Саспыга - Шаинян Карина Сергеевна
Откуда ты знаешь, ты же свалил до того, как пропажу обнаружили, хочу сказать я, но не говорю. Только ругани с пьяным Генкой не хватало. На подробности мы не смотрим — такие правила.
— Гена, ты о чем? Я вообще на базу не заезжала.
Видно, ничего, кроме усталости, на моем лице нет. Генка успокаивается и машет рукой:
— Да так, посрались с Аркадьевной маленько, обычное дело… Кружку давай?
— Не-е-е, спасибо… я бы уже спать пошла, укаталась, — совершенно честно — наконец-то — отвечаю я, и Санька, наклонившись ко мне, негромко спрашивает:
— Тебе коня расседлать?
— О, спасибо! — радуюсь я. — А палатку поставить сможешь? Пожалуйста…
— Тебе на старое место? — кисло спрашивает Санька, и я киваю и прижимаю руки к груди.
Он слегка прихрамывает, и это вызывает короткий приступ чувства вины: я совсем забыла о том, что он повредил ногу. Но как только доходит до дела, хромота пропадает, словно проваливается в забвение, да и пьяную неловкость снимает как рукой: движения становятся ладными и отточенными, как в танце. Мясо он тоже ловко разделывает, с неожиданной неприязнью думаю я.
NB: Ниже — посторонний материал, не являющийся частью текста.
Lemma orthonormal_extend n (g : nat -> H) :
  (forall i, (i < n)%N -> X (g i)) -> orthonormal_upto n g ->
  exists v, [/\ X v, ip v v = 1 & forall i, (i < n)%N -> ip v (g i) = 0].
Proof.
move=> Xg og; have [w [Xw w_indep]] := hXdim n.+1.
pose r i := w i - \sum_(j < n) ip (w i) (g j) *: g j.
have r_perp i k : (k < n)%N -> ip (r i) (g k) = 0.
  move=> lt_kn; rewrite ipBl // ip_suml // (bigD1 (Ordinal lt_kn)) //= big1 => [|j ne_jk].
    by rewrite ipZl // og // eqxx mulr1 addr0 subrr.
  have /negbTE jk : (j : nat) != k by apply: contra_neq ne_jk => jk; apply: val_inj.
  by rewrite ipZl // og // jk mulr0.
have [[i ri_neq0] | r0] := pselect (exists i, r i != 0).
  have [a ar1] := unit_multiple ri_neq0; exists (a *: r i); split => //.
    apply/(subspaceZ hXs)/(subspaceB hXs (Xw i))/(subspace_sum hXs) => j.
    exact/(subspaceZ hXs)/Xg.
  by move=> k lt_kn; rewrite ipZl // r_perp // mulr0.
pose A : 'M_(n.+1, n) := \matrix_(i, j) ip (w i) (g j).
have [|c [i ci]] := lin_dep_of_span (w := w) (g := fun j : 'I_n => g j) (A := A) (ltnSn n).
  move=> i; rewrite (eq_bigr (fun j : 'I_n => ip (w i) (g j) *: g j)) => [|j _].
    by apply/eqP; rewrite -subr_eq0; apply/negPn/negP => ri; apply: r0; exists i.
  by rewrite mxE.
by move=> /w_indep/(_ i)/eqP; rewrite (negbTE ci).
Qed.

Lemma exists_orthonormal_sequence : exists2 g, (forall i, X (g i)) & orthonormal_sequence g.
Proof.
pose good s := (forall i, (i < size s)%N -> X s`_i) /\ orthonormal_upto (size s) (nth 0 s).
have [||g gn] := @dependent_choice_mkseq _ good; first by split.
- move=> s [Xs os]; have [v [Xv vv vs]] := orthonormal_extend Xs os.
  exists v; rewrite /good size_rcons; split => [i | i j]; rewrite !ltnS.
    rewrite leq_eqVlt => /predU1P[->|lti]; rewrite nth_rcons; first by rewrite ltnn eqxx.
    by rewrite lti; apply: Xs.
  rewrite (leq_eqVlt i) (leq_eqVlt j) => /predU1P[->|lti] /predU1P[->|ltj]; rewrite !nth_rcons.
  + by rewrite ltnn !eqxx.
  + by rewrite ltnn eqxx ltj vs // gtn_eqF.
  + by rewrite lti ltnn eqxx ipC // vs // rmorph0 ltn_eqF.
  + by rewrite lti ltj os.
- exists g => [i | i j].
    by have [Xg _] := gn i.+1; move: (Xg i); rewrite size_mkseq nth_mkseq //; apply.
  have [_ og] := gn (maxn i j).+1; move: (og i j).
  by rewrite size_mkseq !nth_mkseq ?ltnS ?leq_maxl ?leq_maxr //; apply.
Qed.

End Orthonormal.

Section Biorthogonal.
Variables (R : realType) (H : lmodType R[i]) (ip : H -> H -> R[i]).
Hypothesis hip : is_inner_product ip.

Lemma ip_sum_biorth n (u t : nat -> H) (c : 'I_n -> R[i]) (j : 'I_n) :
  (forall i k, ip (u i) (t k) = (i == k)%:R) ->
  ip (\sum_(i < n) c i *: u i) (t j) = c j.
Proof.
move=> ut; rewrite ip_suml // (bigD1 j) //= big1 => [|i ij].
  by rewrite ipZl // ut eqxx mulr1 addr0.
by rewrite ipZl // ut (inj_eq val_inj) (negbTE ij) mulr0.
Qed.

Lemma infinite_dim_orthonormal (S : H -> Prop) (u : nat -> H) :
  orthonormal_sequence ip u -> (forall i, S (u i)) -> infinite_dim S.
Proof.
move=> ou Su n; exists (fun i : 'I_n => u i); split => // c c0 j.
by have := ip_sum_biorth c j ou; rewrite c0 ip0l.
Qed.

Lemma infinite_codim_perp_range (s t : nat -> H) :
  (forall i k, ip (s i) (t k) = (i == k)%:R) ->
  infinite_codim (perp ip (fun x => exists n, x = s n)).
Proof.
move=> st n; exists (fun i : 'I_n => s i) => c sum_perp j.
set y := \sum_(i < n) c i *: s i in sum_perp.
have y0 : y = 0.
  apply: (ip_eq0 hip); rewrite {1}/y ip_suml // big1 // => i _.
  by rewrite ipZl // sum_perp ?mulr0 //; exists i.
by have := ip_sum_biorth c j st; rewrite -/y y0 ip0l.
Qed.

Lemma dense_perp_eq0 (d : nat -> H) y :
  (forall x (e : R[i]), 0 < e -> exists n, nrm2 ip (x - d n) < e) ->
  (forall n, ip (d n) y = 0) -> y = 0.
Proof.
move=> hd dy; apply: (sqnorm_eq0 hip); apply/eqP; rewrite eq_le sqnorm_ge0 // andbT.
apply/ler_addgt0Pr => e e_gt0; rewrite add0r.
have [|n] := hd y e%:C; first by rewrite ltr0c.
rewrite nrm2_ltc // sqnormB // ipC // dy rmorph0 /=.
by have := sqnorm_ge0 hip (d n); lra.
Qed.

End Biorthogonal.

Section OrthonormalSeries.
Variables (R : realType) (H : lmodType R[i]) (ip : H -> H -> R[i]).
Hypotheses (hip : is_inner_product ip) (hc : complete_ip ip).

Lemma cauchy_geometric (z : nat -> H) (C : R) :
  (forall m n, (m <= n)%N -> sqnorm ip (z n - z m) <= C * 2^-1 ^+ m) -> cauchy_seq ip z.
Proof.
move=> zC; apply: cauchy_seqR => // e e_gt0.
have C1_gt0 : 0 < `|C| + 1 by have := normr_ge0 C; lra.
have [|M M_small] := expr_half_lt (e := e / (`|C| + 1)); first by rewrite divr_gt0.
have key m n : (M <= m)%N -> (m <= n)%N -> sqnorm ip (z n - z m) < e.
  move=> Mm mn; apply: le_lt_trans (zC _ _ mn) _.
  have := M_small m Mm; rewrite ltr_pdivlMr // => small.
  apply: le_lt_trans small; rewrite mulrC; apply: ler_wpM2l; first exact/ltW/half_pow_gt0.
  by rewrite (le_trans (ler_norm C)) // lerDl.
exists M => m n Mm Mn; have [mn|nm] := leqP m n; first by rewrite -sqnormN // opprB key.
by rewrite key // ltnW.
Qed.

Variable X : H -> Prop.
Hypothesis hX : closed_subspace ip X.
Variable e : nat -> H.
Hypotheses (he : orthonormal_sequence ip e) (heX : forall n, X (e n)).

Lemma sqnorm_orthonormal_sum (a : nat -> R[i]) m n :
  sqnorm ip (\sum_(m <= k < n) a k *: e k) = \sum_(m <= k < n) normc2 (a k).
Proof.
elim: n => [|n IH]; first by rewrite !big_geq // sqnorm0.
have [mn|nm] := leqP m n; last by rewrite !big_geq ?sqnorm0.
rewrite !big_nat_recr //= sqnormD // IH sqnormZ //.
have -> : sqnorm ip (e n) = 1 by rewrite /sqnorm he eqxx.
have -> : ip (\sum_(m <= k < n) a k *: e k) (a n *: e n) = 0.
  rewrite ip_suml // big_nat_cond big1 // => k /andP[/andP[_ kn] _].
  by rewrite ipZl // ipZr // he ltn_eqF // !mulr0.
by rewrite mulr1 /= mulr0 addr0.
Qed.

Lemma orthonormal_series (b : nat -> R[i]) (K : R) :
  (forall n, normc2 (b n) <= K * 2^-1 ^+ n) ->
  exists2 z, X z & forall n, ip (e n) z = b n.
Proof.
move=> bK; have K_ge0 : 0 <= K.
  by have := bK 0%N; rewrite expr0 mulr1; apply: le_trans (normc2_ge0 _).
pose z M := \sum_(k < M) (b k)^* *: e k.
have tail m n : (m <= n)%N -> sqnorm ip (z n - z m) <= (2 * K) * 2^-1 ^+ m.
  move=> mn; have -> : z n - z m = \sum_(m <= k < n) (b k)^* *: e k.
    rewrite /z -!(big_mkord xpredT (fun k => (b k)^* *: e k)).
    by rewrite (big_cat_nat (leq0n m) mn) /= addrAC subrr add0r.
  rewrite sqnorm_orthonormal_sum -mulrA -[_ * (_ * _)]mulrCA.
  rewrite (le_trans _ (ler_wpM2l K_ge0 (geometric_tail R mn))) // mulr_sumr.
  by apply: ler_sum => k _; rewrite normc2J.
have [l zl] := hc (cauchy_geometric tail).
exists l; first by apply: hX.2 zl => M; apply: (subspace_sum hX.1) => k; apply: (subspaceZ hX.1).
move=> n; apply: (ip_lim_eventually hip (M := n.+1) zl) => M nM.
rewrite ipC // (ip_sum_biorth hip (fun k : 'I_M => (b k)^*) (Ordinal nM) he).
exact: conjcK.
Qed.

End OrthonormalSeries.

Lemma small_perp_decomposition (R : realType) (H : lmodType R[i]) (ip : H -> H -> R[i])
    (X : H -> Prop) :
  is_inner_product ip -> complete_ip ip -> closed_subspace ip X ->
  forall h (eps : R), 0 < eps ->
  exists f, [/\ perp ip X f, sqnorm ip f <= eps & exists p a, X p /\ h = p + a *: f].
Proof.
move=> hip hc hX h eps eps_gt0.
have [p [Xp hp]] := orthogonal_projection hip hX.1 hc hX.2 h.
have [c c_gt0 small] := small_scale (sqnorm_ge0 hip (h - p)) eps_gt0.
exists (c%:C *: (h - p)); split.
- by move=> x Xx; rewrite ipZr // hp // mulr0.
- by rewrite sqnormZ // normc2_real.
- exists p, (c^-1)%:C; split => //.
  by rewrite scalerA -rmorphM /= mulVf ?gt_eqF // scale1r addrC subrK.
Qed.

Section Transversal.
Variables (R : realType) (H : lmodType R[i]) (ip : H -> H -> R[i]).
Hypotheses (hip : is_inner_product ip) (hc : complete_ip ip).
Variable X : H -> Prop.
Hypothesis hX : closed_subspace ip X.
Variables d g f : nat -> H.
Hypothesis hd : forall x (e : R[i]), 0 < e -> exists n, nrm2 ip (x - d n) < e.
Hypothesis hg : orthonormal_sequence ip g.
Hypothesis hgX : forall n, X (g n).
Hypothesis hf : forall n, [/\ perp ip X (f n), sqnorm ip (f n) <= 2^-1 ^+ n &
  exists p a, X p /\ d n = p + a *: f n].

Let S x := exists n, x = g n.*2 + f n.

Lemma orthonormal_subsequence (h : nat -> nat) :
  injective h -> orthonormal_sequence ip (fun n => g (h n)).
Proof. by move=> h_inj i j; rewrite hg (inj_eq h_inj). Qed.

Lemma ip_f_X n x : X x -> ip (f n) x = 0.
Proof. by case: (hf n) => fX _ _ Xx; rewrite ipC // fX // rmorph0. Qed.

Lemma transversal_infinite_dim : infinite_dim (perp ip S).
Proof.
apply: (infinite_dim_orthonormal hip (orthonormal_subsequence (h := fun n => n.*2.+1) _)).
  by move=> i j /eq_add_S /double_inj.
move=> i x [n ->]; rewrite ipDl // hg ip_f_X // addr0.
by have /negbTE-> : n.*2 != i.*2.+1 by apply/eqP => /(congr1 odd); rewrite oddS !odd_double.
Qed.

Lemma transversal_infinite_codim : infinite_codim (perp ip S).
Proof.
apply: (infinite_codim_perp_range hip (t := fun n => g n.*2)) => i k.
by rewrite ipDl // (orthonormal_subsequence double_inj) ip_f_X // addr0.
Qed.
Украдкой поглядывая на Генку, мелкими глотками допиваю горячий чай. Ну и денек завтра будет…
Я кое-как расстилаю спальник, сдираю сапоги и сажусь у входа в палатку скрестив ноги. Я как будто плыву в миллиметре над опорой, но что-то в куртке мешает сесть ровно. Повозившись, из одного кармана вытаскиваю сигареты. Из другого — куклу. Казалось бы, пока я добиралась сюда, было время подумать, и ведь я была в ужасе, когда Аркадьевна дала мне этого пупса, и в ужасе выезжала с базы. Но, как только первый шок прошел, я впала в транс от ровного хода Караша и о кукле забыла. Поднималась с пустой до звона головой и такой же пустой — только ветер свистит — пересекала плато.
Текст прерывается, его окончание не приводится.